They’re not just playing games here, Todd Ensign said.
This weekend’s robotics competition at Fairmont State University, he means.
“We have kids here who taking part in every aspect of robotics,” he said, “from construction to coding.”
Ensign is a Fairmont State faculty member and education resource manager at NASA’s Independent Verification and Validation (IV&V) facility, at nearby I-79 Technology Park.
He’s also the chief organizer of said robotics competition, which brought students from elementary age to high school to the campus.
The budding robotics engineers, 140 teams in all, hail from West Virginia and surrounding states, Ensign said.
It’s all part of tournament season for the West Virginia Robotics Alliance, he said.

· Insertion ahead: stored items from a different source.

Record topGroup (G : topologicalType) := TopGroup {
  gmul : G -> G -> G;
  ginv : G -> G;
  gone : G;
  gmulA : forall x y z, gmul x (gmul y z) = gmul (gmul x y) z;
  gmul1 : forall x, gmul gone x = x;
  gmulV : forall x, gmul (ginv x) x = gone;
  gmul_cont : continuous (fun p : G * G => gmul p.1 p.2);
  ginv_cont : continuous ginv
}.

Definition metrizable (R : realType) (X : topologicalType) : Prop :=
  exists d : X -> X -> R,
    [/\ forall x y, 0 <= d x y,
        forall x y, d x y = 0 <-> x = y,
        forall x y, d x y = d y x,
        forall x y z, d x z <= d x y + d y z &
        forall (x : X) (A : set X),
          nbhs x A <-> exists2 e : R, 0 < e & [set y | d x y < e] `<=` A].

(* Lusternik-Schnirelmann category (un-normalized). *)
Definition nullhomotopic_incl (R : realType) (X : topologicalType) (U : set X) : Prop :=
  exists (c : X) (H : X * unitI R -> X),
    [/\ {within [set q | U q.1], continuous H},
        forall x, U x -> H (x, I0 R) = x &
        forall x, U x -> H (x, I1 R) = c].

Definition cat_cover (R : realType) (X : topologicalType) (k : nat) : Prop :=
  exists U : 'I_k -> set X,
    (forall x, exists i, U i x) /\
    (forall i, open (U i) /\ nullhomotopic_incl R (U i)).

Definition LScat (R : realType) (X : topologicalType) : option nat :=
  nat_inf (cat_cover R X).

Definition secat_cover (R : realType) (G : Type) (E B : topologicalType)
  (aE : G -> E -> E) (aB : G -> B -> B) (p : E -> B) (k : nat) : Prop :=
  exists U : 'I_k -> set B,
    (forall x, exists i, U i x) /\
    (forall i,
      [/\ open (U i),
          (forall g x, U i x -> U i (aB g x)) &
          exists s : B -> E,
            [/\ {within U i, continuous s},
                (forall g x, U i x -> s (aB g x) = aE g (s x)) &
                exists H : B * unitI R -> B,
                  [/\ {within [set q | U i q.1], continuous H},
                      (forall x, U i x -> H (x, I0 R) = p (s x)),
                      (forall x, U i x -> H (x, I1 R) = x) &
                      (forall g x t, U i x -> H (aB g x, t) = aB g (H (x, t)))]]]).

Definition secatG (R : realType) (G : Type) (E B : topologicalType)
  (aE : G -> E -> E) (aB : G -> B -> B) (p : E -> B) : option nat :=
  nat_inf (secat_cover R aE aB p).

Definition pathspace (R : realType) (X : topologicalType) : set {compact-open, unitI R -> X} :=
  [set gam | continuous gam].
Arguments pathspace R X : clear implicits.
Notation pathT R X := (set_type (pathspace R X)).

Lemma act_path_cont (R : realType) (G : Type) (X : topologicalType)
  (a : G -> X -> X) (acont : forall g, continuous (a g)) (g : G) (gam : pathT R X) :
  (fun t => a g (val gam t)) \in pathspace R X.
Proof.
rewrite inE /pathspace /=; move=> t; apply: continuous_comp; last exact: acont.
by case: gam => f /=; rewrite inE => fc; exact: fc.
Qed.

Definition act_path (R : realType) (G : Type) (X : topologicalType)
  (a : G -> X -> X) (acont : forall g, continuous (a g)) (g : G)
  (gam : pathT R X) : pathT R X :=
  exist _ (fun t => a g (val gam t)) (act_path_cont acont g gam).

Definition path_ends (R : realType) (X : topologicalType) (gam : pathT R X) : X * X :=
  (val gam (I0 R), val gam (I1 R)).

Definition TCG (R : realType) (G : Type) (X : topologicalType)
  (a : G -> X -> X) (acont : forall g, continuous (a g)) : option nat :=
  secatG R (act_path (R:=R) acont) (fun g (p : X * X) => (a g p.1, a g p.2))
    (@path_ends R X).

Lemma left_transl_cont (G : topologicalType) (T : topGroup G) (g : G) :
  continuous (gmul T g).
Proof.
move=> x; have := @gmul_cont G T (g, x).
have -> : gmul T g = (fun p : G * G => gmul T p.1 p.2) \o (fun y => (g, y)) by [].
move=> h; apply: continuous_comp => //.
by apply: (cvg_pair (cvg_cst g)); exact: cvg_id.
Qed.

Arguments LScat R X : clear implicits.
Arguments metrizable R X : clear implicits.
Arguments TCG R {G X a} acont.

From HB Require Import structures.
From mathcomp Require Import all_boot all_order all_algebra.
From mathcomp Require Import all_classical all_reals topology normedtype.

(* Write x \ y := x^-1 y; it is invariant under the diagonal action and
   1 \ v = v.  If W is an invariant open set of G x G with a path-valued s and
   a homotopy H from (path ends) o s to the inclusion, then {v | (1, v) in W}
   contracts in G through
     (v, t) |-> (a_t \ b_t) (gam(t) \ gam(0)),
   where (a_t, b_t) = H((1, v), 1 - t) and gam = s(1, v): at t = 0 this is
   1 \ v = v, at t = 1 it is (gam(0) \ gam(1)) (gam(1) \ gam(0)) = 1.
   Conversely, a contraction H of an open U to 1 gives the invariant open set
   {(x, y) | x \ y in U}, with the constant path at x as equivariant section and
   the equivariant homotopy (x, y, t) |-> (x, x H(x \ y, 1 - t)).  Of the
   hypotheses on G only connectedness is needed: it makes G path connected,
   as each open set of a categorical cover lies in a single path component,
   so every contraction can be moved to end at 1. *)

Set Implicit Arguments. Unset Strict Implicit. Unset Printing Implicit Defensive.
Import GRing.Theory Num.Theory numFieldTopology.Exports.
Local Open Scope classical_set_scope.
Local Open Scope ring_scope.

Lemma continuous_fst (A B : topologicalType) : continuous (@fst A B).
Proof. by move=> p; exact: cvg_fst. Qed.

Lemma continuous_snd (A B : topologicalType) : continuous (@snd A B).
Proof. by move=> p; exact: cvg_snd. Qed.

Lemma open_preimage_fst (A B : topologicalType) (U : set A) :
  open U -> open [set q : A * B | U q.1].
Proof. by move=> oU; apply: open_comp => // q _; exact: continuous_fst. Qed.

Lemma continuous_pair_at (Y A B : topologicalType) (f : Y -> A) (g : Y -> B) y :
  {for y, continuous f} -> {for y, continuous g} ->
  {for y, continuous (fun z => (f z, g z))}.
Proof. by move=> cf cg; exact: cvg_pair. Qed.

Lemma continuous_within_open_at (A B : topologicalType) (U : set A) (f : A -> B) x :
  open U -> {within U, continuous f} -> U x -> {for x, continuous f}.
Proof. by move=> oU; rewrite continuous_open_subspace // => cf Ux; apply/cf/mem_set. Qed.

Section unit_interval.
Variable R : realType.

Lemma compact_unitI : compact [set: unitI R].
Proof.
have cI : compact (Iset R).
  have -> : Iset R = `[0, 1]%classic.
    by apply/seteqP; split => x; rewrite /Iset /= in_itv.
  exact: segment_compact.
have cval : {within Iset R, continuous (valL_ (I0 R) id)}.
  by apply/(@subspace_valL_continuousP' R (Iset R) (unitI R) (I0 R) id) => x; exact: cvg_id.
have := continuous_compact cval cI; congr compact; apply/seteqP; split => // x _.
exists (val x); first by case: x => x /= /set_mem.
by have := congr1 (@^~ x) (@valLK _ _ (I0 R) (Iset R) id).
Qed.

Lemma locally_compact_unitI : locally_compact [set: unitI R].
Proof.
move=> x _; exists setT; first exact: filterT.
by split; [exact: compact_unitI | exact: closedT].
Qed.

Lemma revI_subproof (t : unitI R) : (1 - val t) \in Iset R.
Proof.
case: t => x /= /set_mem /andP [x0 x1]; apply/mem_set; rewrite /Iset /=.
by apply/andP; split; [rewrite subr_ge0 | rewrite lerBlDr lerDl].
Qed.

Definition revI (t : unitI R) : unitI R := exist _ (1 - val t) (revI_subproof t).

Lemma continuous_revI : continuous revI.
Proof.
apply: continuous_comp_initial => t.
have csub : {for set_val t, continuous (fun y : R => 1 - y)}.
  by apply: (@cvgB _ R^o); [exact: cvg_cst | exact: cvg_id].
exact: continuous_comp (@initial_continuous _ _ set_val t) csub.
Qed.

Lemma revI0 : revI (I0 R) = I1 R.
Proof. by apply: val_inj; rewrite /= subr0. Qed.

Lemma revI1 : revI (I1 R) = I0 R.
Proof. by apply: val_inj; rewrite /= subrr. Qed.

End unit_interval.

Section path_space.
Import ArrowAsCompactOpen.
Variables (R : realType) (X : topologicalType).

(* Evaluation is continuous because I is locally compact and regular. *)
Lemma continuous_path_eval : continuous (fun p : pathT R X * unitI R => val p.1 p.2).
Proof.
have cval : continuous (fun p : pathT R X => (val p : unitI R -> X)).
  exact: initial_continuous.
have := @continuous_uncurry_regular (pathT R X) (unitI R) X
  (fun p : pathT R X => (val p : unitI R -> X)) (@locally_compact_unitI R)
  uniform_regular cval (fun p => set_valP p).
by have -> : uncurry (fun p : pathT R X => (val p : unitI R -> X)) =
  (fun p : pathT R X * unitI R => val p.1 p.2) by apply/funext => -[].
Qed.

Lemma cst_path_subproof (x : X) : (fun _ : unitI R => x) \in pathspace R X.
Proof. by apply/mem_set => t; exact: cst_continuous. Qed.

That’s a tech-outreach that fosters that discipline and the study of STEM – science, technology, engineering and math – in schools.
Students who qualify here, Ensign said, have a chance of entering world competition down the road. Three years ago before COVID, a team of Morgantown area middle-schoolers placed well at just such an event in South America.
While all the activities this weekend are geared to the grade levels of the teams, the big game in town is a competition called “Tipping Point,” whereby student-built, small-scale robots run through mazes, retrieve objects and even skirt up and down a teeter-totter.
It’s all about gimbals, gear ratios, torques, coding and the like, Ensign said.
The robots have to literally hold together, he said, which is where the basic structural engineering comes in. Then, they have to be “told” what to do, which is the all-important coding, or internal engineering.
Coding, Ensign said, is one of the key building blocks of the present, with ultra-sophisticated cellphones and electronic workups in cars – systems prone to hiccups and full-on failure, he said.
It will be even more critical to the lives and times of this weekend’s students, he said, as they grow into an adulthood informed by Artificial Intelligence.
This weekend, he said, also has a universal component that has spanned generations: That is, it’s fun.
“Lots of whooping and cheering,” Ensign said.
“It’s like an athletic competition – a ‘sports of the mind.’ And it could lead to lucrative careers.”